Frankfurt – Rücksichtslos, unangenehm laut und generell eher verschlossen: Die Frankfurterinnen und Frankfurter genießen deutschlandweit verhaltenstechnisch scheinbar einige Vorurteile. Das ergibt zumindest eine Umfrage, die die Sprachlernplattform Preply bei dem Meinungsforschungsinstitut Censuswide in Auftrag gegeben hat. Dabei wurden 1500 Großstadtbewohner zum Verhalten ihrer Mitmenschen befragt. Und hinter Essen und Dresden kommt die fünftgrößte Stadt Deutschlands als drittschlechteste weg.

Bemerkenswert: Dass Frankfurt bei Umfragen zum Thema Unfreundlichkeit relativ häufig hervorgehoben wird, kommt immer wieder vor. Auch in einem Ranking des US-Reisemagazins Travel+Leisure landete die Stadt am Main vor einigen Jahren als einzige deutsche Stadt unter den 30 Städten mit eher zweifelhafter Reputation auf Platz 17. Aber ist Frankfurt wirklich so schlecht wie sein Ruf? Oder haben Teilnehmende aus Offenbach einfach die Ergebnisse verfälscht oder das Umfrageinstitut instinktiv nur Menschen befragt, die in den Apfelweinwirtschaften der Stadt regelmäßig Süßgespritzten bestellen?

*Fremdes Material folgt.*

(* Let $a,b\in\mathbb{C}$ with $a\neq 0$. Let $y(x)=M(1;a;b;x)\in\mathbb{C}[[x]]$ be the master series with parameters $m=1$, $a$, $b$, i.e. $$y(x)=1+x+\sum_{\ell=2}^{\infty}\frac{x^{\ell}}{\ell!}\prod_{\gamma=1}^{\ell-1}(1-a\gamma+b\ell).$$ Then $y$ satisfies, as an identity of formal power series, $y^{a}=1+a\,x\,y^{b}$.
   Context: For $m,a,b\in\mathbb{C}$ the master series is the formal power series $M(m;a;b;x)=m+x+\sum_{\ell\ge 2}\frac{x^\ell}{\ell!}\prod_{\gamma=1}^{\ell-1}(m-a\gamma+b\ell)$. For a formal power series $f$ with constant term $1$ and $p\in\mathbb{C}$, $f^{p}$ denotes the formal power series $\exp(p\log f)$ (binomial series), so that $f^p$ has constant term $1$. *)

From HB Require Import structures.
From mathcomp Require Import all_boot all_order all_algebra.
From mathcomp Require Import reals.
From mathcomp Require Import complex.
Set Implicit Arguments. Unset Strict Implicit. Unset Printing Implicit Defensive.
Import Order.TTheory GRing.Theory Num.Theory.
Local Open Scope ring_scope.
Local Open Scope complex_scope.

Section FPS.
Variable C : fieldType.

Definition fps := nat -> C.

Definition fps_one : fps := fun n => (n == 0%N)%:R.
Definition fps_X : fps := fun n => (n == 1%N)%:R.
Definition fps_add (f g : fps) : fps := fun n => f n + g n.
Definition fps_sub (f g : fps) : fps := fun n => f n - g n.
Definition fps_scale (c : C) (f : fps) : fps := fun n => c * f n.
Definition fps_mul (f g : fps) : fps :=
  fun n => \sum_(i < n.+1) f i * g (n - i)%N.
Definition fps_pow (f : fps) (k : nat) : fps := iter k (fps_mul f) fps_one.

(* log f = sum_{k>=1} (-1)^(k+1) (f-1)^k / k, for f with constant term 1
   (the n-th coefficient only involves k <= n since (f-1)^k = O(x^k)) *)
Definition fps_log (f : fps) : fps :=
  fun n => \sum_(1 <= k < n.+1)
             ((-1) ^+ k.+1 / k%:R) * fps_pow (fps_sub f fps_one) k n.

Definition fps_exp (h : fps) : fps :=
  fun n => \sum_(k < n.+1) (k`!%:R)^-1 * fps_pow h k n.

Definition fps_cpow (f : fps) (p : C) : fps := fps_exp (fps_scale p (fps_log f)).

Definition master (m a b : C) : fps :=
  fun l => match l with
           | 0%N => m
           | 1%N => 1
           | _ => (l`!%:R)^-1 * \prod_(1 <= g < l) (m - a * g%:R + b * l%:R)
           end.
End FPS.

From mathcomp Require Import all_boot all_order all_algebra.
From mathcomp Require Import reals.
From mathcomp Require Import complex.
From mathcomp Require Import ring.
From Stdlib Require Import FunctionalExtensionality.
Set Implicit Arguments. Unset Strict Implicit. Unset Printing Implicit Defensive.
Import Order.TTheory GRing.Theory Num.Theory.
Local Open Scope ring_scope.

(* For m in C let y_m be the series with coefficients
   (m / n!) prod_(1 <= g < n) (m - a g + b n), so that y_1 = M(1;a;b;x), and let L
   be the series with coefficients (1 / n!) prod_(1 <= g < n) (b n - a g), L_0 = 0.
   Comparing coefficients, the differential equation y_m' = m L' y_m is a
   convolution identity whose two sides are polynomials in m satisfying the same
   difference equation in steps of a; they agree at m = 0, hence at 0, -a, -2a, ...,
   hence everywhere.  So y_m = exp (m L), whence log y_1 = L and y_1^p = y_p for
   every p.  The claim y_a = 1 + a x y_b is then the coefficient relation
   [y_a]_(n+1) = a [y_b]_n. *)

Section FormalCalculus.
Variable C : fieldType.
Hypothesis charC0 : [pchar C] =i pred0.
Implicit Types (f g h u v : fps C) (p q : {poly C}).

Lemma natf_eq0 n : (n%:R == 0 :> C) = (n == 0)%N.
Proof. exact: (pcharf0P C).1 charC0 n. Qed.

Lemma natfS_neq0 n : n.+1%:R != 0 :> C.
Proof. by rewrite natf_eq0. Qed.

Lemma natf_fact_neq0 n : n`!%:R != 0 :> C.
Proof. by rewrite natf_eq0 -lt0n fact_gt0. Qed.

Lemma natf_inj : injective (fun n : nat => n%:R : C).
Proof.
move=> i j /eqP; wlog le_ij : i j / (i <= j)%N.
  move=> W; case: (leqP i j) => [/W // | /ltnW le_ji].
  by rewrite eq_sym => /(W _ _ le_ji) ->.
rewrite eq_sym -subr_eq0 -natrB // natf_eq0 subn_eq0 => le_ji.
by apply/eqP; rewrite eqn_leq le_ij.
Qed.

Definition fps_deriv f : fps C := fun n => n.+1%:R * f n.+1.

Definition fps_trunc (N : nat) f : {poly C} := \poly_(i < N.+1) f i.

Lemma coef_fps_trunc N f i : (i <= N)%N -> (fps_trunc N f)`_i = f i.
Proof. by move=> le_iN; rewrite coef_poly ltnS le_iN. Qed.

Lemma coefM_fps_mul p q f g n :
  (forall i, (i <= n)%N -> p`_i = f i) -> (forall i, (i <= n)%N -> q`_i = g i) ->
  (p * q)`_n = fps_mul f g n.
Proof.
move=> pf qg; rewrite coefM; apply: eq_bigr => i _.
rewrite pf; last by rewrite -ltnS.
by rewrite qg // leq_subr.
Qed.

Lemma fps_mulC f g : fps_mul f g =1 fps_mul g f.
Proof.
move=> n; have tr h i : (i <= n)%N -> (fps_trunc n h)`_i = h i.
  exact: coef_fps_trunc.
by rewrite -(coefM_fps_mul (tr f) (tr g)) -(coefM_fps_mul (tr g) (tr f)) mulrC.
Qed.

Lemma fps_mulX g n : fps_mul (fps_X C) g n = if n is j.+1 then g j else 0.
Proof.
rewrite /fps_mul /fps_X; case: n => [|j]; first by rewrite big_ord1 mul0r.
rewrite 2!big_ord_recl big1 => [|i _]; last by rewrite mul0r.
by rewrite mul0r mul1r add0r addr0 subn1.
Qed.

In Frankfurt wurden im August an 17 Tagen mehr als 30 Grad Celsius gemessen.
Frankfurt ist laut einer Umfrage eine der unhöflichsten Städte in Deutschland. © Hannes P. Albert/dpa

Frankfurt im Städteranking: So schneidet die Stadt am Main in Sachen Höflichkeit ab

Befragt wurden Teilnehmende aus 19 deutschen Großstädten von B wie Bochum bis S wie Stuttgart, zwischen Hamburg im Norden und München im Süden zu verschiedenen Verhaltensweisen ihrer Mitmenschen. Wird in der Stadt viel aufs Smartphone gestarrt, statt anderen Menschen auch mal ein Lächeln zu schenken? Verhält man sich anderen gegenüber rücksichtslos oder rückt beim Autofahren Fußgängern auf die Pelle? Gibt man genug Trinkgeld oder pampt stattdessen im Restaurant lautstark das Servicepersonal an? In vielen dieser Fragen schnitt Frankfurt auf einer Skala von 1 (selten) bis 10 (häufig) deutlich schlechter ab als der Landesdurchschnitt und landete deshalb recht weit hinten.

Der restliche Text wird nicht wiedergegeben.